My blouse was super easy and straightforward as shirts go.  It has menswear details, no doubt added just to keep a smooth profile for layering under the jumper.  Many 1940s blouses have some gathers or shirring somewhere, normally across the shoulders (to add bust fullness) or the back.  This blouse has the conventional separate shoulder panel across the bodice upper back, but with masculine-style pleats for reach room below that.  The front relies on a giant bust dart set into the shoulder down to shape the bust, then there’s a small below-the-waist tiny pleats to fit the hips.  Even this collar is rather on the tame side as 1940s collars go and I like it.  The shoulders are nice and smooth, too.  These features all help this blouse seem a bit more timeless than dated, more than many other 40’s blouses do.  I will definitely coming back to this top pattern to sew a dressy, solid colored version in the future. 

Even if you don’t know Moana or have not yet seen her movie, I hope you enjoyed my new play set with our beach themed photos and find yourself inspired by what I have said about our family favorite princess.  At a basic level, it is just an outfit inspired by a girl whose enthralling story revolves around what she will do out of her love for both home and family.  Whatever her culture, that is a universally admirable quality…but especially for a 16 year old heroine like Moana! 

My outfit respectfully avoids any cultural interpretation, and instead focuses on the predominant colors of the animated tale, vintage clothing for ‘fun in the sun’ by the water, and my personal fangirl manifestation.  With the blouse, the skirt, and my old favorite shorts all in one set, it has been a fun but still practical project to complete.  Out of all my other “Pandemic Princess” inspired garments, this one is perhaps my most natural or ‘organic’ interpretation.
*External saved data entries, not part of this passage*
Lemma threshold_margin : 0 < threshold_rank m d - N%:R / 8 /\
  N%:R / 8 <= 3 / 5 * (threshold_rank m d - N%:R / 8) ^+ 2.
Proof.
have [y_ge9 D_lt] := scale_bounds; have [_ K_lt _] := proper_input_bounds.
have M_eq : m%:R = (x ^+ 2) ^+ 2 by rewrite -exprM (fourth_root_sqr (ler0n R m)).2.
have [_ s_gt] := andP sample_size_bounds.
have gap : x ^+ 2 / 2 - 1 / 8 <= threshold_rank m d - N%:R / 8.
  have := @threshold_gap_arith (x ^+ 2) D%:R K%:R s%:R N%:R.
  rewrite threshold_rankE -M_eq; apply=> //.
  - by rewrite ler1n expn_gt0.
  - by rewrite natr1 ler_nat.
  - have [s_le | K_lt_s] := leqP s K; [left | right].
      by rewrite -natrD subnK.
    by rewrite (_ : N = 0)%N //; apply/eqP; rewrite subn_eq0 ltnW.
have N_le : N%:R <= (x ^+ 2) ^+ 2.
  by rewrite -M_eq ler_nat (leq_trans (leq_subr _ _) (ltnW K_lt)).
exact: chebyshev_margin_arith y_ge9 N_le gap.
Qed.

Local Notation S := (sample_times n).
Local Notation r := (threshold_rank m d).
Local Notation q := (coin_prob m d).

Section TopLargeJobs.
Variable T : {set 'I_n}.
Hypothesis T_large : T \subset [set j | large j].
Hypothesis card_T : #|T| = N.
Hypothesis T_top : {in T & [set j | large j] :\: T, forall j j', p j' <= p j}.

Lemma card_risky_le (sigma : {perm 'I_n}) :
  (hits S T sigma)%:R < r -> (#|risky_times m p d sigma| <= s)%N.
Proof.
move=> hits_lt.
have risky_sub : sigma @: risky_times m p d sigma \subset [set j | large j] :\: T.
  apply/subsetP => _ /imsetP[t + ->]; rewrite !inE => /and3P[_ large_t below_up].
  rewrite large_t andbT; apply: contraTN below_up => t_in_T; rewrite -leNgt.
  apply: (P_up_le (p_ge0 _)) hits_lt => j j_notin_T.
  have [large_j | small_j] := boolP (large j).
    by apply: T_top; rewrite // !inE j_notin_T.
  exact/ltW/large_gt_small.
have := subset_leq_card risky_sub; rewrite card_imset; last exact: perm_inj.
rewrite cardsD (setIidPr T_large) card_T => /leq_trans; apply.
by rewrite leq_subLR addnC -leq_subLR.
Qed.

Lemma good_order_weight (sigma : {perm 'I_n}) :
  (hits S T sigma)%:R < r -> 1 / 9 <= (1 - q) ^+ #|risky_times m p d sigma|.
Proof.
move=> /card_risky_le; rewrite -(ler_nat R) => risky_le.
have [q01 qs_le] := coin_prob_bounds; apply: le_trans (bernoulli_ineq _ q01).
have : #|risky_times m p d sigma|%:R * q <= 8 / 9.
  apply: le_trans qs_le; rewrite mulrC ler_wpM2l //; by case/andP: q01.
move: (_ * q) => a; lra.
Qed.

Lemma mean_hits : #|S|%:R * #|T|%:R / #|'I_n|%:R = N%:R / 8 :> R.
Proof.
have n8_gt0 : (0 < n %/ 8)%N by rewrite divn_gt0 // ltnW // (leq_trans _ n_gt25).
have n_eq : n%:R = 8 * (n %/ 8)%:R :> R by rewrite -natrM mulnC divnK.
have : (n %/ 8)%:R != 0 :> R by rewrite pnatr_eq0 -lt0n.
rewrite card_ord_lt ?leq_div // card_T card_ord n_eq.
by move: (n %/ 8)%:R => k k_neq0; field.
Qed.

Lemma bad_orders_few :
  #|[set sigma : {perm 'I_n} | r <= (hits S T sigma)%:R]|%:R <= 3 / 5 * (n`!)%:R :> R.
Proof.
have [g_pos N_sq] := threshold_margin.
have n_gt1 : (1 < #|'I_n|)%N by rewrite card_ord (ltn_trans _ n_gt25).
have mu_lt : #|S|%:R * #|T|%:R / #|'I_n|%:R < r by rewrite mean_hits -subr_gt0.
have := le_trans (chebyshev_card _ (ltW mu_lt)) (sum_hits_centered_sqr_le n_gt1 S T).
rewrite mean_hits card_Sn => cheb; rewrite -(ler_pM2r (exprn_gt0 2 g_pos)).
by apply: le_trans cheb _; rewrite [leRHS]mulrAC [leRHS]mulrC ler_wpM2l.
Qed.

Lemma Pr_large_on_large_ge_top : 1 / 25 <= Pr m d (large_jobs_on_large_machines m p d).
Proof.
have [q01 _] := coin_prob_bounds; have [_ q_le1] := andP q01.
have large_i0 : large_machine d (Ordinal D_lt_m) by rewrite /large_machine.
have tails_placed sigma (coins : {ffun 'I_n -> bool}) :
    [forall t in risky_times m p d sigma, ~~ coins t] ->
    large_jobs_on_large_machines m p d (sigma, coins).
  move=> tails; apply: run_A_large_placed tails _ large_i0.
    exact: large_gt_small.
  exact: large_gt0.
apply: le_trans (Pr_ge_tails_on q01 tails_placed).
set good := [set sigma : {perm 'I_n} | (hits S T sigma)%:R < r].
have good_le : #|good|%:R / 9 <= \sum_sigma (1 - q) ^+ #|risky_times m p d sigma|.
  have -> : #|good|%:R / 9 = \sum_(sigma in good) (1 / 9 : R).
    by rewrite sumr_const -[RHS]mulr_natr mul1r mulrC.
  rewrite [leRHS](bigID [in good]) /= -[leLHS]addr0 lerD //.
    by apply: ler_sum => sigma; rewrite inE => /good_order_weight.
  by apply: sumr_ge0 => sigma _; rewrite exprn_ge0 // subr_ge0.
apply: le_trans (ler_wpM2l _ good_le); last by rewrite invr_ge0 ler0n.
apply: good_fraction_arith bad_orders_few; first by rewrite ltr0n fact_gt0.
rewrite -natrD -card_Sn -(cardsC good); congr (_ + _)%:R.
by apply: eq_card => sigma; rewrite !inE -leNgt.
Qed.

End TopLargeJobs.

Lemma Pr_large_on_large_ge : 1 / 25 <= Pr m d (large_jobs_on_large_machines m p d).
Proof.
have N_le : (N <= #|[set j | large j]|)%N by apply: leq_subr.
have [T [T_large card_T T_top]] := exists_top_subset p N_le.
exact: Pr_large_on_large_ge_top T_large card_T T_top.
Qed.

End ProperInput.

Theorem lemma8 :
  exists c : R, 0 < c /\
  forall (m n : nat) (p : 'I_n -> R),
    (forall j, 0 <= p j) ->
    proper_input m p ->
    (8 %| n)%N ->
    c <= Pr m (degree m p) (large_jobs_on_large_machines m p (degree m p)).
Proof.
exists (1 / 25); split=> [|m n p p_ge0 proper n_div8]; first by rewrite divr_gt0.
exact: Pr_large_on_large_ge.
Qed.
I for one am not into logo tees or character tops unless it is for Agent Carter, Wonder Woman, or as a concert souvenir.  For Moana to be included in that category for me should tell you something big!  Please do yourself a favor and see the animated film “Moana” if you haven’t done so already…and if you have, let me know what your favorite scene was!  I have so many, it is hard to pick anything other than every minute of the movie.  I am so super hyped to have an outfit that embodies this special Polynesian princess.  Many Pacific Islands are an underrated and underrepresented part (if only a satellite affiliation) of the United States, after all!